Lemma greedy_inv_init : greedy_inv (init_state S).
Proof.
split=> //=; first by rewrite /ids -map_comp flatten_seq1 iota_uniq.
exists (\max_(it <- (init_state S).1) size it.1).
  move=> a b o o' ai _ _; apply: leq_trans (ov_leql _ _) _.
  have -> : size (orient o a).1 = size a.1 by case: o; rewrite /= ?size_rc.
  exact: leq_bigmax_seq.
move=> _ /mapP[i + ->]; rewrite mem_iota => /andP[_ iS].
exact: (@assembled_leaf S _ (i, false) iS).
Qed.

Lemma greedy_inv_close items rest T it o : perm_eq items (it :: rest) ->
  greedy_inv (items, T) -> greedy_inv (rest, rcons T (orient o it)).
Proof.
move=> pitems [/= U [K bK aK] rotT].
have sub : {subset rest <= items} by move=> a ai; rewrite (perm_mem pitems) inE ai orbT.
have iti : it \in items by rewrite (perm_mem pitems) mem_head.
split=> /=.
- by move: U; rewrite (perm_uniq (perm_ids pitems)) /ids /= cat_uniq => /and3P[].
- by exists K; [apply: ov_bounded_sub bK | move=> a /sub /aK].
- move=> t; rewrite mem_rcons inE => /predU1P[->|/rotT//] j js.
  apply: (assembled_rot (assembled_orient o (aK _ iti))) => //.
  by apply: bK; rewrite ?eqxx ?orbT.
Qed.

Lemma greedy_inv_merge items rest T (it1 it2 : item) o1 o2 :
  perm_eq items (it1 :: it2 :: rest) ->
  max_ov items (ov (orient o1 it1).1 (orient o2 it2).1) ->
  greedy_inv (items, T) ->
  greedy_inv (rcons rest (merge2 (orient o1 it1).1 (orient o2 it2).1,
                          (orient o1 it1).2 ++ (orient o2 it2).2), T).
Proof.
move=> pitems /max_ov_bounded bL [/= U [K bK aK] rotT].
have sub : {subset it1 :: it2 :: rest <= items} by move=> a; rewrite (perm_mem pitems).
have {}U : uniq (ids (it1 :: it2 :: rest)) by rewrite -(perm_uniq (perm_ids pitems)).
have d12 : disjoint_ids it1.2 it2.2 by apply: (ids_cons_disjoint U); rewrite mem_head.
have i1 : it1 \in items by rewrite sub ?mem_head.
have i2 : it2 \in items by rewrite sub // !inE eqxx orbT.
have LK : ov (orient o1 it1).1 (orient o2 it2).1 <= K.
  by apply: bK; rewrite // (disjoint_item_neq (aK _ i1) d12).
have aL : {in it1 :: it2 :: rest, forall it,
    assembled S (ov (orient o1 it1).1 (orient o2 it2).1) it.1 it.2}.
  by move=> it /sub /aK; apply: assembled_weaken.
split=> //=.
- rewrite (perm_uniq (_ : perm_eq _ (ids (it1 :: it2 :: rest)))) //.
  rewrite /ids map_rcons flatten_rcons /= map_cat perm_catC -catA.
  by rewrite !perm_cat ?perm_fst_orient.
- exists (ov (orient o1 it1).1 (orient o2 it2).1).
    by apply: ov_bounded_merge U aL (ov_bounded_sub sub bL).
  move=> it; rewrite mem_rcons inE => /predU1P[-> /=|itr]; last first.
    by apply: aL; rewrite !inE itr !orbT.
  apply: (assembled_merge2 scs (assembled_orient o1 (aL _ (mem_head _ _)))).
    by apply: assembled_orient; apply: aL; rewrite !inE eqxx orbT.
  exact: disjoint_ids_orient d12 o1 o2.
Qed.

Lemma greedy_inv_run st T : grun st T -> greedy_inv st ->
  {in T, forall t, rotations_no_shorter t}.
Proof.
elim=> [T0 [_ _ rotT] // | st0 st' T0 step _ IH] inv; apply: IH; move: inv.
case: st0 st' / step => [items rest T1 it o pitems _ | items rest T1 it1 it2 o1 o2].
- exact: greedy_inv_close.
- exact: greedy_inv_merge.
Qed.

End Greedy.

Theorem lemma16 (S : seq str) (T : seq item) (xC : seq vertex -> str) :
  scs_rc_instance S ->
  mgreedy_rc S T ->
  (forall C, C \in map snd T -> xC_props S C (xC C)) ->
  \sum_(t <- T) size t.1 <= \sum_(C <- map snd T) size (xC C).
Proof.
move=> scs run xCP; have rotT := greedy_inv_run scs run (greedy_inv_init S).
rewrite big_map big_seq [X in _ <= X]big_seq; apply: leq_sum => t tT.
have [j [js [suf _ _ _]]] := xCP t.2 (map_f snd tT).
exact: leq_trans (rotT t tT j js) (size_suffix suf).
Qed.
________
What the task asks :: Keep both end lines and retype everything in the records above from the line containing "exact: leq_bigmax_seq." through the line containing "- move=> t;", exactly, with nothing else.

Reply to the exercise ::
  exact: leq_bigmax_seq.
move=> _ /mapP[i + ->]; rewrite mem_iota => /andP[_ iS].
exact: (@assembled_leaf S _ (i, false) iS).
Qed.

Lemma greedy_inv_close items rest T it o : perm_eq items (it :: rest) ->
  greedy_inv (items, T) -> greedy_inv (rest, rcons T (orient o it)).
Proof.
move=> pitems [/= U [K bK aK] rotT].
have sub : {subset rest <= items} by move=> a ai; rewrite (perm_mem pitems) inE ai orbT.
have iti : it \in items by rewrite (perm_mem pitems) mem_head.
split=> /=.
- by move: U; rewrite (perm_uniq (perm_ids pitems)) /ids /= cat_uniq => /and3P[].
- by exists K; [apply: ov_bounded_sub bK | move=> a /sub /aK].
- move=> t; rewrite mem_rcons inE => /predU1P[->|/rotT//] j js.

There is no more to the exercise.